- [SOURCE DATA]:

Lemma convQ_finE (a b : T -> Zpad) sq C : uniq sq ->
  (forall y, canon y == y -> y \notin sq -> a y K = 0) ->
  conv p Q a b C K = ((\sum_(y <- sq | canon y == y)
     ((a y K * b (canon (mul (canon (inv y)) C)) K) %% M)%Z) %% M)%Z.
Proof.
move=> us sq_a; rewrite /conv (@padic_sum_finE p Q _ K sq) //= => y yr yn.
by rewrite /mulZp sq_a // mul0r mod0z.
Qed.

Lemma reduce_coef_finE (a : T -> Zpad) s C : uniq s -> supp s a ->
  reduce_coef a C K = ((\sum_(x <- s) (if canon x == C then a x K else 0)) %% M)%Z.
Proof.
move=> us sa; rewrite /reduce_coef (@padic_sum_finE p Gam _ K s) //=.
  by congr (_ %% _)%Z; apply: eq_bigr => x _; case: ifP.
by move=> x _ xn; case: ifP => // _; rewrite sa.
Qed.

Lemma conv_supp (a b : T -> Zpad) sa sb : uniq sa -> supp sa a -> supp sb b ->
  supp (prods sa sb) (conv p Gam a b).
Proof.
move=> us sa_a sb_b x xn; rewrite (conv_finE _ _ us sa_a) big1_seq ?mod0z // => y /andP[_ ys].
rewrite sb_b ?mulr0 ?mod0z //; apply: contra xn => zs.
by rewrite mem_undup; apply/allpairsP; exists (y, mul (inv y) x); rewrite /= (gmulVK Hg).
Qed.

Lemma sum_by_cosets (sa : seq T) (F h : T -> int) :
  \sum_(y <- undup (map canon sa) | canon y == y)
     (\sum_(x <- sa) (if canon x == y then F x else 0)) * h y =
  \sum_(x <- sa) F x * h (canon x).
Proof.
transitivity (\sum_(y <- undup (map canon sa) | canon y == y)
    \sum_(x <- sa) (if canon x == y then F x * h y else 0)).
  apply: eq_bigr => y _; rewrite big_distrl /=; apply: eq_bigr => x _.
  by case: ifP; rewrite ?mul0r.
rewrite exchange_big /=; apply: eq_big_seq => x xs.
transitivity (\sum_(y <- undup (map canon sa) | y == canon x) F x * h y).
  rewrite big_mkcond [RHS]big_mkcond; apply: eq_bigr => y _.
  case: (eqVneq y (canon x)) => [->|ne]; first by rewrite (canon_id Hg HN) !eqxx.
  by case: ifP => // _; rewrite eq_sym (negPf ne).
by rewrite sum_pred1_seq ?undup_uniq // mem_undup map_f.
Qed.

(* Translating by x identifies the part of the coset C inside x sb with x times a coset. *)
Lemma sum_coset_translate (b : T -> int) sa sb x C :
  uniq sb -> (forall z, z \notin sb -> b z = 0) -> x \in sa -> canon C = C ->
  \sum_(w <- prods sa sb) (if canon w == C then b (mul (inv x) w) else 0) =
  \sum_(z <- sb) (if canon z == canon (mul (canon (inv (canon x))) C) then b z else 0).
Proof.
move=> usb sb_b xs cC.
rewrite (@eq_sum_supp _ _ (map (mul x) sb) xpredT) ?undup_uniq ?(map_inj_uniq (@gmulI _ _ _ _ Hg x)) //.
- by rewrite big_map; apply: eq_bigr => z _; rewrite (gmulKV Hg) (canon_mul_eq Hg HN).
- move=> w _ wn; case: ifP => // _; apply: sb_b; apply: contra wn => zs.
  by rewrite mem_undup; apply/allpairsP; exists (x, mul (inv x) w); rewrite /= (gmulVK Hg).
- move=> w _ wn; case: ifP => // _; apply: sb_b; apply: contra wn => zs.
  by apply/mapP; exists (mul (inv x) w); rewrite ?(gmulVK Hg).
Qed.

Lemma reduce_conv (a b a' b' : T -> Zpad) sa sb C :
  uniq sa -> uniq sb -> supp sa a -> supp sb b ->
  (forall y, canon y == y -> a' y K = reduce_coef a y K) ->
  (forall y, canon y == y -> b' y K = reduce_coef b y K) ->
  canon C = C ->
  conv p Q a' b' C K = reduce_coef (conv p Gam a b) C K.
Proof.
move=> usa usb sa_a sb_b a'E b'E cC.
set U := undup (map canon sa).
have U_a' y : canon y == y -> y \notin U -> a' y K = 0.
  move=> cy yn; rewrite a'E // (reduce_coef_finE _ usa sa_a) big1_seq ?mod0z // => x /andP[_ xs].
  by case: ifP => // /eqP e; case/negP: yn; rewrite mem_undup -e map_f.
rewrite (convQ_finE _ _ (undup_uniq _) U_a') modz_sum.
rewrite (reduce_coef_finE _ (undup_uniq _) (conv_supp usa sa_a sb_b)).
set Sb := fun d => \sum_(z <- sb) (if canon z == d then b z K else 0).
transitivity ((\sum_(x <- sa) a x K * Sb (canon (mul (canon (inv (canon x))) C))) %% M)%Z.
  rewrite -(sum_by_cosets sa (fun x => a x K) (fun y => Sb (canon (mul (canon (inv y)) C)))).
  apply: eq_modz_sum => y cy.
  rewrite a'E // b'E ?(canon_id Hg HN) // (reduce_coef_finE _ usa sa_a).
  by rewrite (reduce_coef_finE _ usb sb_b) modzMm.
transitivity ((\sum_(w <- prods sa sb) (if canon w == C then
     \sum_(x <- sa) a x K * b (mul (inv x) w) K else 0)) %% M)%Z; last first.
  apply: eq_modz_sum => w _; case: ifP => // _.
  by rewrite (conv_finE _ _ usa sa_a) modz_mod modz_sum.
congr (_ %% _)%Z; symmetry.
transitivity (\sum_(w <- prods sa sb) \sum_(x <- sa)
    (if canon w == C then a x K * b (mul (inv x) w) K else 0)).
  by apply: eq_bigr => w _; case: ifP => // _; rewrite big1.
rewrite exchange_big /=; apply: eq_big_seq => x xs.
rewrite /Sb -(@sum_coset_translate (fun z => b z K) sa sb x C usb _ xs cC) // big_distrr /=.
by apply: eq_bigr => w _; case: ifP; rewrite ?mulr0.
Qed.

End Reduction.

Section MatrixReduction.
Local Set Implicit Arguments.
Local Unset Strict Implicit.
Local Open Scope ring_scope.
Variables (p K : nat).
Variables (T : countType) (mul : T -> T -> T) (inv : T -> T) (one : T).
Hypothesis Hg : is_group mul inv one.
Variable N : T -> bool.
Hypothesis HN : normal_fi mul inv one N.
Variable r : nat.

Local Notation M := (pk p K).
Local Notation Gam := (GData T predT mul inv one).
Local Notation Q := (quotG T mul inv one N).
Local Notation canon := (Defs.canon T mul inv N).
Local Notation supp := (supp K).
Local Notation reduce_coef := (reduce_coef p mul inv one N).

Definition msupp (s : seq T) (A : mat Gam r) := forall i j, supp s (A i j).

(* Elements of the quotient are the canonical coset representatives; other points are junk. *)
Definition reduces_to (A : mat Gam r) (A' : mat Q r) :=
  forall i j y, canon y == y -> A' i j y K = reduce_coef (A i j) y K.

Lemma mulM_supp (A B : mat Gam r) s s' : uniq s -> msupp s A -> msupp s' B ->
  msupp (prods mul s s') (mulM p Gam r A B).
Proof.
move=> us sA s'B i j x xn; rewrite /mulM big_addZpE big1 ?mod0z // => l _.
exact: (conv_supp p Hg us (sA i l) (s'B l j)).
Qed.

Lemma reduce_mulM (A B : mat Gam r) (A' B' : mat Q r) s s' :
  uniq s -> uniq s' -> msupp s A -> msupp s' B ->
  reduces_to A A' -> reduces_to B B' -> reduces_to (mulM p Gam r A B) (mulM p Q r A' B').
Proof.
move=> us us' sA s'B AA' BB' i j C /eqP cC.
rewrite /mulM big_addZpE (reduce_coef_finE p mul inv one N C (undup_uniq _) (mulM_supp us sA s'B i j)).
transitivity ((\sum_(l < r) reduce_coef (conv p Gam (A i l) (B l j)) C K) %% M)%Z.
  congr (_ %% _)%Z; apply: eq_bigr => l _.
  by apply: (reduce_conv Hg HN us us' (sA i l) (s'B l j)) => // y; [apply: AA' | apply: BB'].
transitivity ((\sum_(l < r) \sum_(x <- prods mul s s')
   (if canon x == C then conv p Gam (A i l) (B l j) x K else 0)) %% M)%Z.
  apply: eq_modz_sum => l _.
  by rewrite (reduce_coef_finE p mul inv one N C (undup_uniq _) (conv_supp p Hg us (sA i l) (s'B l j))) modz_mod.
rewrite exchange_big /=; apply: eq_modz_sum => x _.
case: ifP => _; last by rewrite big1.
by rewrite /mulM big_addZpE modz_mod.
Qed.

Lemma reduce_oneM : reduces_to (oneM p Gam r) (oneM p Q r).
Proof.
move=> i j C cC; rewrite (@reduce_coef_finE p K T mul inv one N _ [:: one]) //; last first.
  by move=> x; rewrite inE /oneM => /negPf->; rewrite andbF.
rewrite big_seq1 /oneM /= eqxx andbT (eq_sym C).
by case: (i == j); case: (canon one == C); rewrite /oneZp /zeroZp ?modz_mod ?mod0z.
Qed.

Lemma reduce_coef_sub (a b : T -> Zpad) s C : uniq s -> supp s a -> supp s b ->
  reduce_coef (fun x => subZp p (a x) (b x)) C K =
  subZp p (reduce_coef a C) (reduce_coef b C) K.
Proof.
move=> us sa sb.
have sab : supp s (fun x => subZp p (a x) (b x)).
  by move=> x xn; rewrite /subZp /addZp /oppZp sa // sb // oppr0 mod0z add0r mod0z.
rewrite /subZp /addZp /oppZp !(reduce_coef_finE p mul inv one N C us) //.
rewrite [RHS]modzDmr [RHS]modzDml modzBmr.
transitivity ((\sum_(x <- s) (if canon x == C then a x K - b x K else 0)) %% M)%Z.
  by apply: eq_modz_sum => x _; case: ifP => _; rewrite ?modz_mod ?modzDmr.
congr (_ %% _)%Z; rewrite -sumrN -big_split /=; apply: eq_bigr => x _.
by case: ifP; rewrite ?oppr0 ?addr0.
Qed.

Fixpoint spow (s : seq T) (m : nat) : seq T :=
  if m is m'.+1 then prods mul s (spow s m') else [:: one].

Lemma spow_uniq s m : uniq (spow s m).
Proof. by case: m => [|m] //=; rewrite undup_uniq. Qed.

Lemma powM_supp (A : mat Gam r) s : uniq s -> msupp s A ->
  forall m, msupp (spow s m) (powM p Gam r A m).
Proof.
move=> us sA; elim=> [|m IH] /=; last exact: mulM_supp.
by move=> i j x; rewrite inE /powM /= /oneM => /negPf->; rewrite andbF.
Qed.

Lemma reduce_powM (A : mat Gam r) (A' : mat Q r) s : uniq s -> msupp s A ->
  reduces_to A A' -> forall m, reduces_to (powM p Gam r A m) (powM p Q r A' m).
Proof.
move=> us sA AA'; elim=> [|m IH]; first exact: reduce_oneM.
exact: (reduce_mulM us (spow_uniq s m) sA (powM_supp (m := m) us sA) AA' IH).
Qed.

Lemma reduce_coef_vanish (h : T -> Zpad) C :
  (forall x, h x K = 0) -> reduce_coef h C K = 0.
Proof. by move=> h0; rewrite (@reduce_coef_finE p K T mul inv one N h [::]) ?big_nil ?mod0z. Qed.

Lemma reduce_coef_one (h : T -> Zpad) s : uniq s -> supp s h ->
  (h one K %% M)%Z = h one K -> (forall x, x \in s -> x != one -> ~~ N x) ->
  reduce_coef h (canon one) K = h one K.
Proof.
move=> us sh hM sN; rewrite (reduce_coef_finE p mul inv one N _ us sh).
have canon_one x : x \in s -> (canon x == canon one) = (x == one).
  move=> xs; case: (eqVneq x one) => [->|x1]; first by rewrite eqxx.
  apply/negbTE/negP => /eqP /(canon_eq_coset Hg HN); rewrite (gmulx1 Hg) => /(normalV HN).
  by rewrite (ginvK Hg); apply/negP; apply: sN.
rewrite -big_mkcond /= big_seq_cond.
rewrite (eq_bigl (fun x => (x \in s) && (x == one))); last first.
  by move=> x /=; case: (boolP (x \in s)) => xs //=; rewrite canon_one.
rewrite -big_seq_cond; case: (boolP (one \in s)) => os; first by rewrite sum_pred1_seq.
rewrite big1_seq ?mod0z; first by rewrite sh.
by move=> x /andP[/eqP-> ]; rewrite (negPf os).
Qed.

- [PROBLEM TO SOLVE]: Your answer should consist solely of the lines above from the line with "transitivity ((\sum_(w <- prods" to the line with "Local Notation Gam", both included, reproduced exactly.

- [FINISHED TASK]:
transitivity ((\sum_(w <- prods sa sb) (if canon w == C then
     \sum_(x <- sa) a x K * b (mul (inv x) w) K else 0)) %% M)%Z; last first.
  apply: eq_modz_sum => w _; case: ifP => // _.
  by rewrite (conv_finE _ _ usa sa_a) modz_mod modz_sum.
congr (_ %% _)%Z; symmetry.
transitivity (\sum_(w <- prods sa sb) \sum_(x <- sa)
    (if canon w == C then a x K * b (mul (inv x) w) K else 0)).
  by apply: eq_bigr => w _; case: ifP => // _; rewrite big1.
rewrite exchange_big /=; apply: eq_big_seq => x xs.
rewrite /Sb -(@sum_coset_translate (fun z => b z K) sa sb x C usb _ xs cC) // big_distrr /=.
by apply: eq_bigr => w _; case: ifP; rewrite ?mulr0.
Qed.

End Reduction.

Section MatrixReduction.
Local Set Implicit Arguments.
Local Unset Strict Implicit.
Local Open Scope ring_scope.
Variables (p K : nat).
Variables (T : countType) (mul : T -> T -> T) (inv : T -> T) (one : T).
Hypothesis Hg : is_group mul inv one.
Variable N : T -> bool.
Hypothesis HN : normal_fi mul inv one N.
Variable r : nat.

Local Notation M := (pk p K).
Local Notation Gam := (GData T predT mul inv one).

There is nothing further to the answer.